Karen Blixen (Karen Christentze Blixen), née Dinesen Biography
(1885–1962), (Karen Christentze Blixen), née Dinesen, Seven Gothic Tales, Winter's Tales, Last Tales
Danish writer, born in Rungsted, Denmark; she studied at the Royal Academy of Fine Arts in Copenhagen. Her works in English were written mainly under the name Isak Dinesen. In 1914 she married her cousin, Baron Blor-Blixen Finecke, and together they set up a coffee plantation in Kenya. The marriage was dissolved in 1921, but she stayed on in Kenya until 1931, and then returned to live in her Danish family estate, Rungstedlung. It was in Kenya that she wrote her most famous work, Seven Gothic Tales (1934); the great artistry of these stories belies her claim that ‘I began to write there to amuse myself in the rainy season’. Focusing on extreme mental states and often grotesque characters, the tales quarry a mine of supernatural lore.

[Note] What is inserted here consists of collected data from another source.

Lemma collapse_onto c : c < 5 -> exists x, collapse x = c.
Proof.
have [r le_r] := P_rooted.
have dr : i.+1 < depth r.
  have [ra0 | nra0] := eqVneq r a0; last by rewrite -da0 depth_lt.
  by rewrite -da1 (depth_lt (le_r a1)) // ra0.
case: c => [|[|[|[|[|]]]]] // _.
- by exists r; rewrite /collapse dr; case: ltnP => //; lia.
- by exists a0; rewrite collapse_depth_i1 ?eqxx.
- by exists a1; rewrite collapse_depth_i1 // eq_sym (negbTE na).
- by exists u0; rewrite collapse_depth_i ?eqxx.
- by exists u1; rewrite collapse_depth_i // eq_sym (negbTE nu).
Qed.

Lemma collapse_onto_top : 1 < i -> exists x, collapse x = 5.
Proof.
move=> i_gt1; have [|x _ dx] := @exists_above_depth _ u0 1.
  by rewrite du0 (ltnW i_gt1).
by exists x; rewrite /collapse dx i_gt1.
Qed.

Lemma collapse_refutes_Q4 : i = 1 -> ~ validates_Jankov P Q4.
Proof.
move=> i1; have collapse_lt5 x : collapse x < 5.
  by rewrite /collapse i1 (ltnNge (depth x)) depth_gt0 /=; do !case: ifP.
apply: (collapse_refutes (R := Q4) (r0 := ord0) (g := @inord 4)
  (rk := fun a : Q4 => code_rank a)).
- by case=> [[|[|[|[|[|?]]]]] ?].
- exact: leQ4_rank.
- by move=> x; rewrite inordK.
- by move=> q; have [x cx] := collapse_onto (ltn_ord q); exists x; rewrite cx inord_val.
Qed.

Lemma collapse_refutes_Q5 : 1 < i -> ~ validates_Jankov P Q5.
Proof.
move=> i_gt1; have collapse_lt6 x : collapse x < 6 by rewrite /collapse; do !case: ifP.
apply: (collapse_refutes (R := Q5) (r0 := ord0) (g := @inord 5)
  (rk := fun a : Q5 => code_rank a)).
- by case=> [[|[|[|[|[|[|?]]]]]] ?].
- exact: leQ5_rank.
- by move=> x; rewrite inordK.
move=> q; have [x cx] : exists x, collapse x = q.
  have := ltn_ord q; rewrite ltnS leq_eqVlt => /predU1P[-> | /collapse_onto //].
  exact: collapse_onto_top.
by exists x; rewrite cx inord_val.
Qed.
End Collapse.

Lemma stack2_refutes_Jankov (P : finPoset) :
  rooted P -> frame_wPL P -> has_stack P 2 ->
  ~ (validates_Jankov P Q4 /\ validates_Jankov P Q5).
Proof.
move=> P_rooted P_wPL [i [i_gt0 stack]] [V4 V5].
have /cnt_gt1P [u0 [u1 [nu du0 du1]]] : 1 < cnt P i by apply: stack; lia.
have /cnt_gt1P [a0 [a1 [na da0 da1]]] : 1 < cnt P i.+1 by apply: stack; lia.
have [i1 | i_gt1] : i = 1 \/ 1 < i by lia.
  exact: (collapse_refutes_Q4 P_rooted P_wPL nu na du0 du1 da0 da1).
exact: (collapse_refutes_Q5 P_rooted P_wPL nu na du0 du1 da0 da1).
Qed.

Theorem mainTheorem5 (P : finPoset) :
  rooted P -> frame_wPL P ->
  (validates_Jankov P Q4 /\ validates_Jankov P Q5 <-> stack_depth_le P 1).
Proof.
move=> P_rooted P_wPL; split=> [V45 k stack_k | P_stack].
  rewrite leqNgt; apply/negP => k_gt1.
  exact: (stack2_refutes_Jankov P_rooted P_wPL (has_stack_leq k_gt1 stack_k) V45).
split.
  apply: (@validates_Jankov_of_pattern P Q4
    (@Ordinal 5 1 isT) (@Ordinal 5 2 isT) (@Ordinal 5 3 isT) (@Ordinal 5 4 isT)) => //.
    by split=> // -[[|[|[|[|[|?]]]]] ?] //= *; apply/val_inj.
  by split=> // -[[|[|[|[|[|?]]]]] ?] //= *; apply/val_inj.
apply: (@validates_Jankov_of_pattern P Q5
  (@Ordinal 6 1 isT) (@Ordinal 6 2 isT) (@Ordinal 6 3 isT) (@Ordinal 6 4 isT)) => //.
  by split=> // -[[|[|[|[|[|[|?]]]]]] ?] //= *; apply/val_inj.
by split=> // -[[|[|[|[|[|[|?]]]]]] ?] //= *; apply/val_inj.
Qed.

Other collections of stories, which appear also in Danish versions, include Winter's Tales (1942), Last Tales (1957), Anecdotes of Destiny (1958), and Ehrengard (1963). Her great love of East African wildlife and landscape, together with nostalgia for colonial life, are reflected in her highly popular memoir, Out of Africa (1937), later made into an award-winning film. She returned to similar themes in Shadows on the Grass (1961). The posthumous Letters from Africa: 1914–1931 (1981; edited by Frans Lasson; translated from the Danish by Ann Born) paints a less idealized picture of life on the coffee farm. Her critical writings are collected in Essays (1965) and Daguerreotypes and Other Essays (1979). See Judith Thurman, Isak Dinesen: The Life of Karen Blixen (1982).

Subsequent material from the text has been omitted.